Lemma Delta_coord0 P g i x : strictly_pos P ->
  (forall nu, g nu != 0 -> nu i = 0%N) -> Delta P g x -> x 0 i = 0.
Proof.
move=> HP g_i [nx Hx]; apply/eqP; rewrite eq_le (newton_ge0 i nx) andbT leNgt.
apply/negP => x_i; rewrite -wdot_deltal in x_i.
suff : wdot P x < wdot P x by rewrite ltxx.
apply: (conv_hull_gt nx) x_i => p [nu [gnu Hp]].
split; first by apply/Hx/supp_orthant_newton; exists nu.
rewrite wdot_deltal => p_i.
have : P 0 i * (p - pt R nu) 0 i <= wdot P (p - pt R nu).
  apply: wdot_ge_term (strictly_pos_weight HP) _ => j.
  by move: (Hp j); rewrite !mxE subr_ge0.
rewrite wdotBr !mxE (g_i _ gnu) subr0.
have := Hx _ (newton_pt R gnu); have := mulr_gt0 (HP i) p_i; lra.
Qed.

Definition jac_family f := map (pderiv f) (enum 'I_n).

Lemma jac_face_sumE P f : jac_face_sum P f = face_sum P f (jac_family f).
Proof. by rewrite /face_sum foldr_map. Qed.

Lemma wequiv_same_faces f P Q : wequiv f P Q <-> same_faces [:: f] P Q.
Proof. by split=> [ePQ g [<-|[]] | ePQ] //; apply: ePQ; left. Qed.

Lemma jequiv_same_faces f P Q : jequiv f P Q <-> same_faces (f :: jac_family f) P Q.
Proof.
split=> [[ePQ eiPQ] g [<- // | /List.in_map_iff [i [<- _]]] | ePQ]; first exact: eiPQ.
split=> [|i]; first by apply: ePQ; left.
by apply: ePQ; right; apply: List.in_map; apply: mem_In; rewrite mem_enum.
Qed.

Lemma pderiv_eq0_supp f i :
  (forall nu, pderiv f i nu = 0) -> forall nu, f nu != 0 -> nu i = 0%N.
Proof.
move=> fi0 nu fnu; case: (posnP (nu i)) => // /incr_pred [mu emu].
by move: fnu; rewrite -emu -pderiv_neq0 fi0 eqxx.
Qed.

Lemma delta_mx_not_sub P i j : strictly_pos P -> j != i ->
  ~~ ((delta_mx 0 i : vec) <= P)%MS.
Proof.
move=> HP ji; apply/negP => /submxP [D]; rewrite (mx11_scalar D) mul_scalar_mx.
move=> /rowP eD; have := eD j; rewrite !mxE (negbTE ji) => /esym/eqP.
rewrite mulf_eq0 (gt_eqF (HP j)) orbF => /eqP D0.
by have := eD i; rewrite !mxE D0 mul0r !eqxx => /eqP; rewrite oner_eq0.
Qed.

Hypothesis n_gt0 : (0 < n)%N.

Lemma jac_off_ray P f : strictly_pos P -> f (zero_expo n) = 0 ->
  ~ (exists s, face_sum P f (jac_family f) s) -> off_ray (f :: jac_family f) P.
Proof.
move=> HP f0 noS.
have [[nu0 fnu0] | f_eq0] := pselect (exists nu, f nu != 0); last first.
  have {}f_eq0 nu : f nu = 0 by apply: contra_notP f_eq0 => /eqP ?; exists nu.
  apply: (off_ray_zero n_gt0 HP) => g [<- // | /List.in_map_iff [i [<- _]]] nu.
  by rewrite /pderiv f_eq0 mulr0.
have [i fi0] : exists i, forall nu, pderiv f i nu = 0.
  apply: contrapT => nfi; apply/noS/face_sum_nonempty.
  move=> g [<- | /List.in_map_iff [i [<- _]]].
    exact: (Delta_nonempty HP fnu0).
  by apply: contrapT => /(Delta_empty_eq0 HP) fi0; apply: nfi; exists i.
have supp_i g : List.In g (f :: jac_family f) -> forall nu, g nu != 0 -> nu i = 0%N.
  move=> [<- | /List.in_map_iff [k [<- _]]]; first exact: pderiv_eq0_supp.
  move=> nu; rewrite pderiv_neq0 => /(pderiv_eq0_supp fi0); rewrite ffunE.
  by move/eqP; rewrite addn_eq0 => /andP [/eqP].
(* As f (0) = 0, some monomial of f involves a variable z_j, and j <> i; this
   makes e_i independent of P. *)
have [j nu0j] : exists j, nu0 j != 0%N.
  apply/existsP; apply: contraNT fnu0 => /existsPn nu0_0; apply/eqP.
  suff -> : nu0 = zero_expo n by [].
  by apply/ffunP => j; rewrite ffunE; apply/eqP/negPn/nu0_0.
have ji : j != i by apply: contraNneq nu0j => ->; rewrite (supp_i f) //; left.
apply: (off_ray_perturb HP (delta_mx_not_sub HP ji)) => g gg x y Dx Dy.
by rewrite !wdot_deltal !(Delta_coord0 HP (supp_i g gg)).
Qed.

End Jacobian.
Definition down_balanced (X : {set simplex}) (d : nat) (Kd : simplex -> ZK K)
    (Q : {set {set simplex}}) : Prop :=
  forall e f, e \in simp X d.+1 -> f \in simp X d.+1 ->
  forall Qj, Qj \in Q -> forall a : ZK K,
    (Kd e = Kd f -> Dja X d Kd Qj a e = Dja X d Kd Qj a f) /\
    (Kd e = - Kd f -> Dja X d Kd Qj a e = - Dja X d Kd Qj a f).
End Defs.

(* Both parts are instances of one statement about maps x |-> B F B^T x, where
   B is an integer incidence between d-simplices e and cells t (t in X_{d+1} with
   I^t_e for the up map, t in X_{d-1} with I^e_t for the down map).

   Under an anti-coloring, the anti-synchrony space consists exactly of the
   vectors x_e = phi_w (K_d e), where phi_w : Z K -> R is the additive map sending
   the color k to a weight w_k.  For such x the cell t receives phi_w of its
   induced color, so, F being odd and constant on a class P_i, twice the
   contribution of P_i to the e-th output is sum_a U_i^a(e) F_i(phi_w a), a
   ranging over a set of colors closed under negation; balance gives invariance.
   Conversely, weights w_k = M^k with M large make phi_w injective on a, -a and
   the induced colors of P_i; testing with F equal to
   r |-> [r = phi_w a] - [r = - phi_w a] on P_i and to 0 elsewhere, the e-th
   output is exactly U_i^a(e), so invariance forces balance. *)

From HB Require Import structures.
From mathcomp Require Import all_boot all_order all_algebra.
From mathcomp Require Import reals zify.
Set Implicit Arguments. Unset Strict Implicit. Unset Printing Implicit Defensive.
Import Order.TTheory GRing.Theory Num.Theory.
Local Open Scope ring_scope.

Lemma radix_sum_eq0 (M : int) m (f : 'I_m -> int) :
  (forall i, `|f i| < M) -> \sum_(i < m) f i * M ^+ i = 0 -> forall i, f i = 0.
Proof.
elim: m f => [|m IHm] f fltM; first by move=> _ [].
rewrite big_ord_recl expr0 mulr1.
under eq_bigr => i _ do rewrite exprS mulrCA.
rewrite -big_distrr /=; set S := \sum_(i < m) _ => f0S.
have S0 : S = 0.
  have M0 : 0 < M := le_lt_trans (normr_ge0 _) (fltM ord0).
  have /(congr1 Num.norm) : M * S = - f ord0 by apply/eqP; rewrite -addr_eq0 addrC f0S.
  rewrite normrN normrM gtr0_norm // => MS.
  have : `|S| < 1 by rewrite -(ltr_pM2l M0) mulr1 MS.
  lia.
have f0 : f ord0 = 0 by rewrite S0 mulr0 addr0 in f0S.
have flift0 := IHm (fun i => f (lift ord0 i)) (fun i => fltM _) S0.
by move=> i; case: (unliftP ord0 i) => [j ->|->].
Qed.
************
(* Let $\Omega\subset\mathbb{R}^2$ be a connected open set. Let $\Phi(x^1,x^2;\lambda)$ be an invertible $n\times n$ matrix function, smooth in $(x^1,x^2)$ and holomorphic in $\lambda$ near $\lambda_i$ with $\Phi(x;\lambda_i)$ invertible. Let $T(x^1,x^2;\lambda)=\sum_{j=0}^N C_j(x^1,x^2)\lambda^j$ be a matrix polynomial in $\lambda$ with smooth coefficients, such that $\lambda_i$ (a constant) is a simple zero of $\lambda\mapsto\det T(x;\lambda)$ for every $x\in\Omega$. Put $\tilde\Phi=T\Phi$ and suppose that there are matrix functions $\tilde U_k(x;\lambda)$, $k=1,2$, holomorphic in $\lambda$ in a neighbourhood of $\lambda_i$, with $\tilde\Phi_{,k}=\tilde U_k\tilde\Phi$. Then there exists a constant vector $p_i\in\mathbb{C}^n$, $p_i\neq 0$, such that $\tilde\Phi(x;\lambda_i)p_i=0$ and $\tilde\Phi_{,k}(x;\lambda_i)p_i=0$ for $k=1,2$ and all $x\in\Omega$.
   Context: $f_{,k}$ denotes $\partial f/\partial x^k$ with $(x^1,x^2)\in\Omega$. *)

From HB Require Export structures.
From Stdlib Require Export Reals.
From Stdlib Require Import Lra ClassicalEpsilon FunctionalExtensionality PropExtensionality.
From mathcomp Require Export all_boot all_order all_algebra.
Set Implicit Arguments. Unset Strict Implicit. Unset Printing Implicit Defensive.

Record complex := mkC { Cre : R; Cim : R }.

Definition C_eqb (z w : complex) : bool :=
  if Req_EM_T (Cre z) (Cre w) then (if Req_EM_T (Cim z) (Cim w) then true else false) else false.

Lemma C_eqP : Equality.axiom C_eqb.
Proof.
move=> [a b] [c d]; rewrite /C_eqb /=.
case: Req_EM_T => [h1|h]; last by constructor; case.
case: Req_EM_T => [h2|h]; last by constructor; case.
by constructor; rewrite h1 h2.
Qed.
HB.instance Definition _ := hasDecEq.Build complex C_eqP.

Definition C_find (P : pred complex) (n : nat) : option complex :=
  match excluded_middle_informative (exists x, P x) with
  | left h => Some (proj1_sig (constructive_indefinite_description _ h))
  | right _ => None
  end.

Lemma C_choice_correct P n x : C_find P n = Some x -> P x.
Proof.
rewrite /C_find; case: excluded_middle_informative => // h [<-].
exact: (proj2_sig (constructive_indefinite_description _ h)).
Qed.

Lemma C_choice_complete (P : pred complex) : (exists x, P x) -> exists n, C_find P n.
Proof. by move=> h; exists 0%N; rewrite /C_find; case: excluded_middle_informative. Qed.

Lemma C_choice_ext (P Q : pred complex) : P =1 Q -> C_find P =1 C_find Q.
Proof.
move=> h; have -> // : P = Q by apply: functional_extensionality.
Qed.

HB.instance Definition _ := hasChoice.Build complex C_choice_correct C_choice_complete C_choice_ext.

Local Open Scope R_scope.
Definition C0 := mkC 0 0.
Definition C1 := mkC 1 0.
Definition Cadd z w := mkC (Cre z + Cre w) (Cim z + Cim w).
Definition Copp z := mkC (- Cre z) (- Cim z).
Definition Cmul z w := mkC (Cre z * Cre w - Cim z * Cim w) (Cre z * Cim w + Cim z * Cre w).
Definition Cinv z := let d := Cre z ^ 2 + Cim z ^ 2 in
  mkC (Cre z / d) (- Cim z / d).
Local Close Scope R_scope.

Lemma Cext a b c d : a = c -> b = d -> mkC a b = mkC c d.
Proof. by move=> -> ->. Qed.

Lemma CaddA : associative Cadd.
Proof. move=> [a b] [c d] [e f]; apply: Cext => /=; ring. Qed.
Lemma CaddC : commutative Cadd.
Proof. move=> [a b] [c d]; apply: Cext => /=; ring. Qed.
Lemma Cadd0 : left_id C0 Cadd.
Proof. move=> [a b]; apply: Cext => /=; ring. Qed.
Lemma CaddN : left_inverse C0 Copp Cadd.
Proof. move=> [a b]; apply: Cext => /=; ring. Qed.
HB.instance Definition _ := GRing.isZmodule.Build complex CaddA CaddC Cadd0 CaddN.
************
_YOUR OBJECTIVE_.
Please transcribe exactly the lines above from the line that has "Definition Cinv z" up to and including the line that has "Proof. move=> [a b] [c d] [e"; no other line belongs in the answer.

_EXPECTED ANSWER_.
Definition Cinv z := let d := Cre z ^ 2 + Cim z ^ 2 in
  mkC (Cre z / d) (- Cim z / d).
Local Close Scope R_scope.

Lemma Cext a b c d : a = c -> b = d -> mkC a b = mkC c d.
Proof. by move=> -> ->. Qed.

Lemma CaddA : associative Cadd.
Proof. move=> [a b] [c d] [e f]; apply: Cext => /=; ring. Qed.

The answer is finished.